Evaluating New Distribution

Not all distribution accounts are created equal. Only one or two supermarkets can be the top market share in each market. With all the retail consolidation, you will likely only see one or two players per market (that actually matter). The question is, where are your consumers shopping? And where will they be shopping over the next 1-2 years?

So, we need answer a few simple questions via survey or by observation:

  • Where do they shop?
  • Where would they expect to find your brand?
  • How can you lower the barriers to purchase for them?

As for understanding which retailers attract which customers this is a bit art and science and I encourage you to do your own research here. Ask Google, your consumers, brokers, buyers, and other sales pros how they look at each.

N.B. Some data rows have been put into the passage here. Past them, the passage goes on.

(* A category presented by generators: Hom(A,B) is the set of raw arrows f   *)
(* with pmem f, taken modulo the relation peq.  Identity, composition and    *)
(* the additive structure are induced by the raw operations.                 *)
Record precat := PreCat {
  pobj : Type;
  phom : pobj -> pobj -> Type;
  pmem : forall A B, phom A B -> Prop;
  peq : forall A B, phom A B -> phom A B -> Prop;
  pid : forall A, phom A A;
  pcomp : forall A B C, phom B C -> phom A B -> phom A C;
  padd : forall A B, phom A B -> phom A B -> phom A B;
  pzero : forall A B, phom A B;
  popp : forall A B, phom A B -> phom A B }.
Arguments phom {p}.
Arguments pmem {p A B}.
Arguments peq {p A B}.
Arguments pid {p} A.
Arguments pcomp {p A B C}.
Arguments padd {p A B}.
Arguments pzero {p} A B.
Arguments popp {p A B}.

Section Abelian.
Variable K : precat.

Definition pwell_formed :=
  [/\ [/\ (forall (A B : pobj K) (f : phom A B), peq f f),
          (forall (A B : pobj K) (f g : phom A B), peq f g -> peq g f)
        & (forall (A B : pobj K) (f g h : phom A B), peq f g -> peq g h -> peq f h)],
      [/\ (forall A : pobj K, pmem (pid A)),
          (forall (A B D : pobj K) (g : phom B D) (f : phom A B),
             pmem g -> pmem f -> pmem (pcomp g f)),
          (forall (A B : pobj K) (f g : phom A B), pmem f -> pmem g -> pmem (padd f g)),
          (forall A B : pobj K, pmem (pzero A B))
        & (forall (A B : pobj K) (f : phom A B), pmem f -> pmem (popp f))],
      [/\ (forall (A B D : pobj K) (g g' : phom B D) (f f' : phom A B),
             pmem g -> pmem g' -> pmem f -> pmem f' -> peq g g' -> peq f f' ->
             peq (pcomp g f) (pcomp g' f')),
          (forall (A B : pobj K) (f f' g g' : phom A B),
             pmem f -> pmem f' -> pmem g -> pmem g' -> peq f f' -> peq g g' ->
             peq (padd f g) (padd f' g'))
        & (forall (A B : pobj K) (f f' : phom A B),
             pmem f -> pmem f' -> peq f f' -> peq (popp f) (popp f'))],
      [/\ (forall (A B D F : pobj K) (h : phom D F) (g : phom B D) (f : phom A B),
             pmem h -> pmem g -> pmem f -> peq (pcomp h (pcomp g f)) (pcomp (pcomp h g) f)),
          (forall (A B : pobj K) (f : phom A B), pmem f -> peq (pcomp (pid B) f) f)
        & (forall (A B : pobj K) (f : phom A B), pmem f -> peq (pcomp f (pid A)) f)]
    &
      [/\ (forall (A B : pobj K) (f g h : phom A B), pmem f -> pmem g -> pmem h ->
             peq (padd f (padd g h)) (padd (padd f g) h)),
          (forall (A B : pobj K) (f g : phom A B), pmem f -> pmem g ->
             peq (padd f g) (padd g f)),
          (forall (A B : pobj K) (f : phom A B), pmem f -> peq (padd (pzero A B) f) f),
          (forall (A B : pobj K) (f : phom A B), pmem f ->
             peq (padd (popp f) f) (pzero A B))
        & [/\ (forall (A B D : pobj K) (g1 g2 : phom B D) (f : phom A B),
                 pmem g1 -> pmem g2 -> pmem f ->
                 peq (pcomp (padd g1 g2) f) (padd (pcomp g1 f) (pcomp g2 f)))
            & (forall (A B D : pobj K) (g : phom B D) (f1 f2 : phom A B),
                 pmem g -> pmem f1 -> pmem f2 ->
                 peq (pcomp g (padd f1 f2)) (padd (pcomp g f1) (pcomp g f2)))]]].

Definition pzero_object (Z : pobj K) :=
  forall A : pobj K,
    (forall f g : phom A Z, pmem f -> pmem g -> peq f g) /\
    (forall f g : phom Z A, pmem f -> pmem g -> peq f g).

Definition pbiproduct (A1 A2 S : pobj K) (i1 : phom A1 S) (i2 : phom A2 S)
    (p1 : phom S A1) (p2 : phom S A2) :=
  [/\ pmem i1 /\ pmem i2 /\ pmem p1 /\ pmem p2,
      peq (pcomp p1 i1) (pid A1) /\ peq (pcomp p2 i2) (pid A2),
      peq (pcomp p1 i2) (pzero A2 A1), peq (pcomp p2 i1) (pzero A1 A2)
    & peq (padd (pcomp i1 p1) (pcomp i2 p2)) (pid S)].

Definition pkernel (A B K0 : pobj K) (f : phom A B) (k : phom K0 A) :=
  [/\ pmem k, peq (pcomp f k) (pzero K0 B)
    & forall (X : pobj K) (g : phom X A), pmem g -> peq (pcomp f g) (pzero X B) ->
        exists u : phom X K0, [/\ pmem u, peq (pcomp k u) g
          & forall u' : phom X K0, pmem u' -> peq (pcomp k u') g -> peq u' u]].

But don’t get too complicated about it – the beauty of our industry is that we are also consumers and you have heuristics you already use to make decisions and those are likely true across many shoppers.

For example, Whole Foods and Natural retailers have more health conscious, less budget constrained consumers who are willing to explore new products. But those higher-end retailers do not deliver consistent shoppers as well as other retailers. Walmart is an EDLP customer from whom its shoppers demand value and are more price sensitive, same with Market Basket, and to a lesser extent Shoprite. These retailers may put downward pressure on your balance sheet but you are almost guaranteed volume because of the store traffic.

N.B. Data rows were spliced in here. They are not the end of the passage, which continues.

Theorem mainTheorem16 (F : finFieldType) (n : nat) :
  (3 <= n)%N ->
  let q : rat := (#|F|)%:R in
  let s : F := (-1) ^+ n./2 in
  (* (1) *)
  (odd n -> forall a : F, a != 0 -> a != 1 ->
     (NDodd n a)%:R = q ^+ n - 1) /\
  (* (2) *)
  (odd n ->
     (NDodd n (1 : F))%:R = q ^+ n - 1 + q ^+ 2 * ((q ^+ n.-1 - 1) / (q ^+ 2 - 1))) /\
  (* (3) *)
  (~~ odd n -> forall a b : F, a != 0 -> b != 0 -> a != b -> a != s -> b != s ->
     (NDeven n a b)%:R = (q ^+ n./2 - 1) ^+ 2) /\
  (* (4) *)
  (~~ odd n -> forall a : F, a != 0 -> a != s ->
     (NDeven n a a)%:R = (q ^+ n./2 - 1) ^+ 2
        + q ^+ 2 * ((q ^+ (n./2 - 1) - 1) * (q ^+ n./2 - 1) / (q ^+ 2 - 1))) /\
  (* (5) *)
  (~~ odd n -> forall b : F, b != 0 -> s != b ->
     (NDeven n s b)%:R = (q ^+ n./2 - 1) ^+ 2 + (q - 1) * q ^+ n./2) /\
  (* (6) *)
  (~~ odd n ->
     (NDeven n s s)%:R = (q ^+ n./2 - 1) ^+ 2 + 2 * (q - 1) * q ^+ n./2
        + q ^+ 2 * ((q ^+ (n./2 - 1) - 1) * (q ^+ n./2 - 1) / (q ^+ 2 - 1))
        + q ^+ (n./2).+1).
Proof.
move=> n3 q s; subst q s.
have [on|en] := boolP (odd n).
  have [j ->] := odd_geq3 on n3; rewrite /=.
  split; [|split]; last by [].
  - by move=> _ a a0 a1; rewrite NDoddE // (negbTE a1) !mul0r addr0.
  - by move=> _; rewrite NDoddE ?oner_neq0 // eqxx mul1r mulrA.
have [j j0 ->] := even_geq3 en n3; rewrite /= doubleK subn1 /=.
have s0 : (-1) ^+ j.+1 != 0 :> F by rewrite signr_eq0.
split=> [//|]; split=> [//|]; split; [|split; [|split]].
- move=> _ a b a0 b0 /negbTE ab /negbTE aS /negbTE bS.
  by rewrite NDevenE // ab aS bS /=; ring.
- by move=> _ a a0 /negbTE aS; rewrite NDevenE // eqxx aS /= !exprS; ring.
- move=> _ b b0 /negbTE Sb; rewrite NDevenE // Sb eqxx eq_sym Sb /= !exprS; ring.
- by move=> _; rewrite NDevenE // eqxx /= !exprS; ring.
Qed.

Publix and many Kroger divisions focus on shopper experience and have good prices, not great, and utilize unique promotional vehicles to drive trial but mostly cater to middle and upper middle-class shoppers. Target is known for its fashion and the food and beverage brands they select often fall in to this category. Costco wants a specific value to cost but they can provide huge volume to more affluent but value conscious consumers.

On average, the majority of shoppers are price sensitive, so almost every retailer is trying to cater to them in some way. Look to see where are the retailer is placing their bets; what consumers are they targeting? Match up that intel with your consumer foundations uncovered in the cross functional meeting we discussed above. Would they expect to find you in Club, Natural, Online, Grocery, Mass or discount retailers? Understand these pieces and how they flow together (in market and in your balance sheet) and you can drive your products to the right channels and customers and have much more meaningful sales meeting with buyers (share that you do this exercise!) when you have a plan and a reason for being there. It shows you know the business, your product, and what buyers most want to hear; you understand your consumers. Because if you don’t, who will?

This exercise or ‘culture’ if you will, tends to drive extraordinary performance because you have a legit strategy that is matching consumers with customers to your brand. It also builds in, what I like to call “brand self-awareness”. It forces patience and thoughtfulness at a time when running at 1000 mph is the natural behavior. Executing this balance will help you raise more money at better valuations and on better terms, keep your consumers happy and repeat purchasing, keep your teams extra sharp and aligned and will allow you to operate a profitable business faster and with less mistakes.

So, pause, learn, understand, adjust, and implement – good luck out there!